Work task - Repeat exactly what appears from the opening line of the listing to the line with "From mathcomp Require Import all_boot all_algebra", inclusive.
[Data provided — start]
(* Let $p$ be a prime and let $G \cong \mathbb{Z}_{p^{e_1}}\oplus\mathbb{Z}_{p^{e_2}}\oplus\cdots\oplus\mathbb{Z}_{p^{e_l}}$, where $1\le e_1\le e_2\le\cdots\le e_l$ are integers, so $G$ has exponent $n=p^{e_l}$. Let $A$ be a non-empty subset of $]p^{e_l}[=\{1,2,\dots,p^{e_l}\}$ such that the elements of $A$ are pairwise incongruent modulo $p$ and none of them is divisible by $p$. Then \[ d_A(G)\le \left\lceil \frac{1}{|A|}\Big(1+\sum_{i=1}^{l}(p^{e_i}-1)\Big)\right\rceil . \]
   Context: For an integer $x\ge1$, $]x[=\{1,2,\dots,x\}$. Let $G$ be a finite abelian group (written additively) of exponent $n$ and let $\emptyset\ne A\subseteq\, ]n[$. The constant $d_A(G)$ is the least positive integer $t$ such that for every sequence $g_1,\dots,g_t$ of (not necessarily distinct) elements of $G$ there exist $\ell\ge1$, indices $1\le i_1<\dots<i_\ell\le t$ and elements $a_1,\dots,a_\ell\in A$ (repetitions allowed) with $\sum_{j=1}^{\ell}a_j g_{i_j}=0$ in $G$. $\lceil x\rceil$ denotes the smallest integer $\ge x$. *)

From mathcomp Require Import all_boot.
Set Implicit Arguments. Unset Strict Implicit. Unset Printing Implicit Defensive.

(* G = Z_{p^{e 0}} (+) ... (+) Z_{p^{e (l-1)}}, elements are dependent tuples
   of residues. *)
Definition Gelt (p l : nat) (e : nat -> nat) : Type :=
  forall i : 'I_l, 'I_(p ^ e i).

Definition A_weighted_zero_subsum (p l : nat) (e : nat -> nat) (A : seq nat)
  (t : nat) (g : 'I_t -> Gelt p l e) : Prop :=
  exists (S : {set 'I_t}) (a : 'I_t -> nat),
    S != set0 /\ (forall j, j \in S -> a j \in A) /\
    forall i : 'I_l, (\sum_(j in S) a j * g j i) %% p ^ e i = 0.

Definition dA_property (p l : nat) (e : nat -> nat) (A : seq nat) (t : nat) : Prop :=
  forall g : 'I_t -> Gelt p l e, A_weighted_zero_subsum A g.

Definition is_dA (p l : nat) (e : nat -> nat) (A : seq nat) (d : nat) : Prop :=
  0 < d /\ dA_property p l e A d /\
  forall t, 0 < t -> dA_property p l e A t -> d <= t.

Definition ceil_div (m k : nat) : nat := (m + k.-1) %/ k.

From HB Require Import structures.
From mathcomp Require Import all_boot all_algebra zify.
From Stdlib Require Import Classical Wf_nat.
Import GRing.Theory.
Set Implicit Arguments. Unset Strict Implicit. Unset Printing Implicit Defensive.
Local Open Scope ring_scope.

(* Realise G as H / kerG with H = (Z/QZ)^l, and work in the group algebra
   F_p[H] with the functional [sum_on kerG] summing coefficients over kerG.
   It kills f * (delta h - 1) for h in kerG, hence the ideal generated by the
   (delta u_i - 1)^(p^e_i), hence every product of more than
   \sum_i (p^e_i - 1) elements of the augmentation ideal.  As A is injective
   modulo p, there are weights c with c_0 = -1 in F_p such that
   c_0 + \sum_(a in A) c_a y^a is divisible by (y - 1)^|A|.  For g_1 .. g_t
   with t |A| > \sum_i (p^e_i - 1), the functional therefore vanishes on
   \prod_j (c_0 + \sum_a c_a (delta g_j)^a); expanding the product, the
   constant choice contributes (-1)^t and every other term is nonzero only if
   its A-weighted subsum of the g_j lies in kerG, i.e. vanishes in G. *)

Section GeneratedIdeal.
Variables (R : comNzRingType) (l : nat) (z : 'I_l -> R).

Definition gen_ideal (v : R) : Prop := exists r : 'I_l -> R, v = \sum_i r i * z i.

Lemma gen_ideal_gen i : gen_ideal (z i).
Proof.
exists (fun j => (j == i)%:R); rewrite (bigD1 i) //= eqxx mul1r big1 ?addr0 //.
by move=> j /negbTE ->; rewrite mul0r.
Qed.

Lemma gen_idealMr v w : gen_ideal v -> gen_ideal (v * w).
Proof.
move=> [r ->]; exists (fun i => r i * w); rewrite mulr_suml.
by apply: eq_bigr => i _; rewrite mulrAC.
Qed.

Lemma gen_idealD v w : gen_ideal v -> gen_ideal w -> gen_ideal (v + w).
Proof.
move=> [r ->] [s ->]; exists (fun i => r i + s i); rewrite -big_split.
by apply: eq_bigr => i _; rewrite mulrDl.
Qed.

Lemma gen_ideal_sub1M u w :
  gen_ideal (u - 1) -> gen_ideal (w - 1) -> gen_ideal (u * w - 1).
Proof.
move=> Ju Jw; have -> : u * w - 1 = (u - 1) * w + (w - 1).
  by rewrite mulrBl mul1r addrA subrK.
by apply: gen_idealD => //; apply: gen_idealMr.
Qed.

Lemma gen_ideal_sub1X u n : gen_ideal (u - 1) -> gen_ideal (u ^+ n - 1).
Proof. by move=> Ju; rewrite subrX1; apply: gen_idealMr. Qed.

Lemma mulr_monomial (m : 'I_l -> nat) i :
  z i * \prod_j z j ^+ m j = \prod_j z j ^+ (m j + (j == i)).
Proof.
under [RHS]eq_bigr do rewrite exprD.
rewrite big_split /= [X in _ = _ * X](bigD1 i) //= eqxx expr1.
rewrite [X in _ = _ * (_ * X)]big1 => [|j /negbTE ->]; last by rewrite expr0.
by rewrite mulr1 mulrC.
Qed.

Variables (I : R -> Prop) (q : 'I_l -> nat).
Hypothesis I0 : I 0.
Hypothesis ID : forall a b, I a -> I b -> I (a + b).
Hypothesis IM : forall r a, I a -> I (r * a).
Hypothesis Izq : forall i, I (z i ^+ q i).

(* The monomial factor strengthens the induction: each factor of the product
   is traded for one more power of some generator, and a monomial of total
   degree above [\sum_i (q i - 1)] is divisible by some [z i ^+ q i]. *)
Lemma prod_gen_ideal_monomial (T : Type) (v : T -> R) (s : seq T)
    (m : 'I_l -> nat) :
  (forall x, gen_ideal (v x)) ->
  (1 + \sum_i (q i - 1) <= size s + \sum_i m i)%N ->
  I (\prod_(x <- s) v x * \prod_i z i ^+ m i).
Proof.
move=> Jv; elim: s m => [|x s IHs] m Hsize.
  have [i qm] : exists i, (q i <= m i)%N.
    apply/existsP; apply: contraTT Hsize; rewrite negb_exists => /forallP small.
    have : (\sum_i m i <= \sum_i (q i - 1))%N.
      by apply: leq_sum => i _; move: (small i); rewrite -ltnNge; lia.
    by rewrite /= add0n; lia.
  rewrite big_nil mul1r (bigD1 i) //= -(subnK qm) exprD -mulrA mulrCA mulrC.
  exact: IM.
rewrite big_cons; have [r ->] := Jv x; rewrite -mulrA big_distrl /=.
apply: (big_ind I) => // i _.
rewrite -mulrA; apply: IM; rewrite mulrCA mulr_monomial; apply: IHs.
have sum_eq1 : (\sum_j ((j == i) : nat) = 1)%N.
  by rewrite (bigD1 i) //= eqxx big1 // => j /negbTE ->.
by rewrite big_split /= sum_eq1; move: Hsize => /=; lia.
Qed.

Lemma prod_gen_ideal (T : finType) (v : T -> R) :
  (forall x, gen_ideal (v x)) ->
  (1 + \sum_i (q i - 1) <= #|T|)%N -> I (\prod_x v x).
Proof.
move=> Jv HT; have := prod_gen_ideal_monomial (s := index_enum T) (m := fun=> 0%N) Jv.
rewrite [X in _ * X]big1 ?mulr1 => [|i _]; last by rewrite expr0.
by apply; rewrite big1_eq addn0 (leq_trans HT) // cardT enumT /index_enum unlock.
Qed.

End GeneratedIdeal.

Section GroupRing.
Variables (H : finZmodType) (F : comNzRingType).

Definition gring := {ffun H -> F}.
HB.instance Definition _ := GRing.Zmodule.on gring.

Definition gmul (f g : gring) : gring := [ffun x => \sum_y f y * g (x - y)].
Definition gone : gring := [ffun x => (x == 0)%:R].

Lemma gmulC : commutative gmul.
Proof.
move=> f g; apply/ffunP => x; rewrite !ffunE.
rewrite (reindex_inj (inv_inj (subKr x))) /=.
by apply: eq_bigr => y _; rewrite subKr mulrC.
Qed.

Lemma gmulA : associative gmul.
Proof.
move=> f g h; apply/ffunP => x; rewrite !ffunE; symmetry.
under eq_bigr do rewrite ffunE big_distrl.
under [RHS]eq_bigr do rewrite ffunE big_distrr.
rewrite exchange_big /=; apply: eq_bigr => y _.
rewrite (reindex_inj (addIr y)) /=; apply: eq_bigr => u _.
by rewrite addrK mulrA opprD addrA [x - u - y]addrAC.
Qed.

Lemma gmul1 : left_id gone gmul.
Proof.
move=> f; apply/ffunP => x; rewrite !ffunE (bigD1 0) //= ffunE eqxx mul1r subr0.
by rewrite big1 ?addr0 // => y /negbTE y0; rewrite ffunE y0 mul0r.
Qed.

Lemma gmulDl : left_distributive gmul +%R.
Proof.
move=> f g h; apply/ffunP => x; rewrite !ffunE -big_split /=.
by apply: eq_bigr => y _; rewrite ffunE mulrDl.
Qed.

Lemma gone_neq0 : gone != 0.
Proof. by apply/eqP => /ffunP /(_ 0); rewrite !ffunE eqxx; apply/eqP; exact: oner_neq0. Qed.

HB.instance Definition _ :=
  GRing.Zmodule_isComNzRing.Build gring gmulA gmulC gmul1 gmulDl gone_neq0.

Definition delta (h : H) : gring := [ffun x => (x == h)%:R].

Lemma gringME (f g : gring) x : (f * g) x = \sum_y f y * g (x - y).
Proof. by rewrite /GRing.mul /= ffunE. Qed.

Lemma delta0 : delta 0 = 1.
Proof. by []. Qed.

Lemma deltaD a b : delta (a + b) = delta a * delta b.
Proof.
apply/ffunP => x; rewrite gringME ffunE (bigD1 a) //= !ffunE eqxx mul1r.
rewrite big1 ?addr0 => [|y /negbTE ya]; last by rewrite ffunE ya mul0r.
by rewrite subr_eq addrC.
Qed.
[Data provided — finish]
Exercise result -
(* Let $p$ be a prime and let $G \cong \mathbb{Z}_{p^{e_1}}\oplus\mathbb{Z}_{p^{e_2}}\oplus\cdots\oplus\mathbb{Z}_{p^{e_l}}$, where $1\le e_1\le e_2\le\cdots\le e_l$ are integers, so $G$ has exponent $n=p^{e_l}$. Let $A$ be a non-empty subset of $]p^{e_l}[=\{1,2,\dots,p^{e_l}\}$ such that the elements of $A$ are pairwise incongruent modulo $p$ and none of them is divisible by $p$. Then \[ d_A(G)\le \left\lceil \frac{1}{|A|}\Big(1+\sum_{i=1}^{l}(p^{e_i}-1)\Big)\right\rceil . \]
   Context: For an integer $x\ge1$, $]x[=\{1,2,\dots,x\}$. Let $G$ be a finite abelian group (written additively) of exponent $n$ and let $\emptyset\ne A\subseteq\, ]n[$. The constant $d_A(G)$ is the least positive integer $t$ such that for every sequence $g_1,\dots,g_t$ of (not necessarily distinct) elements of $G$ there exist $\ell\ge1$, indices $1\le i_1<\dots<i_\ell\le t$ and elements $a_1,\dots,a_\ell\in A$ (repetitions allowed) with $\sum_{j=1}^{\ell}a_j g_{i_j}=0$ in $G$. $\lceil x\rceil$ denotes the smallest integer $\ge x$. *)

From mathcomp Require Import all_boot.
Set Implicit Arguments. Unset Strict Implicit. Unset Printing Implicit Defensive.

(* G = Z_{p^{e 0}} (+) ... (+) Z_{p^{e (l-1)}}, elements are dependent tuples
   of residues. *)
Definition Gelt (p l : nat) (e : nat -> nat) : Type :=
  forall i : 'I_l, 'I_(p ^ e i).

Definition A_weighted_zero_subsum (p l : nat) (e : nat -> nat) (A : seq nat)
  (t : nat) (g : 'I_t -> Gelt p l e) : Prop :=
  exists (S : {set 'I_t}) (a : 'I_t -> nat),
    S != set0 /\ (forall j, j \in S -> a j \in A) /\
    forall i : 'I_l, (\sum_(j in S) a j * g j i) %% p ^ e i = 0.

Definition dA_property (p l : nat) (e : nat -> nat) (A : seq nat) (t : nat) : Prop :=
  forall g : 'I_t -> Gelt p l e, A_weighted_zero_subsum A g.

Definition is_dA (p l : nat) (e : nat -> nat) (A : seq nat) (d : nat) : Prop :=
  0 < d /\ dA_property p l e A d /\
  forall t, 0 < t -> dA_property p l e A t -> d <= t.

Definition ceil_div (m k : nat) : nat := (m + k.-1) %/ k.

From HB Require Import structures.
From mathcomp Require Import all_boot all_algebra zify.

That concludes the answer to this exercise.